Probabilmente è solo un momento di riordino, altre forme di spazi di studio stanno emergendo. Ma sicuramente ora che stiamo solo vedendo la fine del mondo che c’era e per quello che viene non ci sono fondi a sufficienza, la vita degli studenti è più che mai isolamento, competizione e solitudine. Ironico, nei bar delle residenze universitarie al Campus di San Giobbe, sui tavoli del bar, c’è anche scritto, rispettiamo le regole per una convivenza migliore, vietato portare libri e PC dalle 12:00 alle 15:00, tavoli di proprietà del bar. Stessa cosa nel piano terra della biblioteca Querini. Vietato studiare ai tavoli del bar.
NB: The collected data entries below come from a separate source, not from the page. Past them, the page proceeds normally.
(* Let $m \ge 1$ and let $TW_{m+2}'$ be the commutator subgroup of the twin group $TW_{m+2}$. Then $TW_{m+2}'$ has the following presentation. Generators: $\beta_p(j)$ for all integers $0 \le p < j \le m$. Defining relations: for all integers $j,k,t,l$ with $1 \le k \le j$, $j+2 \le t \le m$ and $3 \le l \le t-j$, $$\beta_{j-k}(j)\,\beta_{t-(j+l)}(t) = \beta_{t-(j+l)}(t)\,\beta_{j-k}(j),$$ and for all integers $j,k,t$ with $1 \le k \le j$ and $j+2 \le t \le m$, $$\beta_{t-k}(t) = \beta_{j-k}(j)^{-1}\,\beta_{t-(j+1)}(t)\,\beta_{j-k}(j).$$ Here the abstract generator $\beta_p(j)$ corresponds to the element of $TW_{m+2}$ defined in the context.
   Context: For $n \ge 2$, the twin group $TW_n$ is the group with generators $\tau_1,\dots,\tau_{n-1}$ and defining relations $\tau_i^2=1$ for all $i$, and $\tau_i\tau_j=\tau_j\tau_i$ whenever $|i-j|>1$. (For $m\ge1$, $TW_{m+2}$ is isomorphic to Grothendieck's $m$-dimensional cartographical group.) $G'$ denotes the commutator subgroup of a group $G$. For $1 \le j \le n-2$ and $0 \le p < j$, define the element $$\beta_p(j) := \tau_{j-p}\tau_{j-p+1}\cdots\tau_{j-1}\,(\tau_{j+1}\tau_j\tau_{j+1}\tau_j)\,\tau_{j-1}\cdots\tau_{j-p+1}\tau_{j-p} \in TW_n,$$ so that $\beta_0(j)=\tau_{j+1}\tau_j\tau_{j+1}\tau_j$. *)

From mathcomp Require Import all_boot.
Set Implicit Arguments. Unset Strict Implicit. Unset Printing Implicit Defensive.

(* A word over the alphabet A: letters (x, false) = x, (x, true) = x^-1. *)
Definition word (A : Type) := seq (A * bool).

Definition winv (A : Type) (w : word A) : word A :=
  rev (map (fun x => (x.1, ~~ x.2)) w).

Inductive wrel (A : Type) (R : word A -> word A -> Prop) : word A -> word A -> Prop :=
| wrel_refl w : wrel R w w
| wrel_sym u v : wrel R u v -> wrel R v u
| wrel_trans u v w : wrel R u v -> wrel R v w -> wrel R u w
| wrel_ctx l u v r : wrel R u v -> wrel R (l ++ u ++ r) (l ++ v ++ r)
| wrel_red x b : wrel R [:: (x, b); (x, ~~ b)] [::]
| wrel_rel u v : R u v -> wrel R u v.

(* Twin group TW_{m+2}: generator i : 'I_m.+1 stands for tau_(i+1),
   i.e. tau_1, ..., tau_(m+1). *)
Definition TWrel (m : nat) (u v : word 'I_m.+1) : Prop :=
  (exists i : 'I_m.+1, u = [:: (i, false); (i, false)] /\ v = [::]) \/
  (exists i j : 'I_m.+1, (i.+1 < j \/ j.+1 < i) /\
     u = [:: (i, false); (j, false)] /\ v = [:: (j, false); (i, false)]).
Quindi, se poi il rancore e la tristezza prendono il sopravvento e in alcuni più fragili raggiungono livelli di allarme, forse è segno che la formula *città dei quindici minuti* al momento è un modo carino per dire, città dei ricchi e città dei poveri. Anche e soprattutto di capitale culturale.
Ah però per Venezia, c’è il campus di via Torino a Mestre. Del resto chi è così folle da volere studiare al convento dei Tolentini, o sul Canal Grande a Ca’ Tron, quando può disporre di una magnifica torre di periferia con tram biciclette e parco vista Porto Marghera?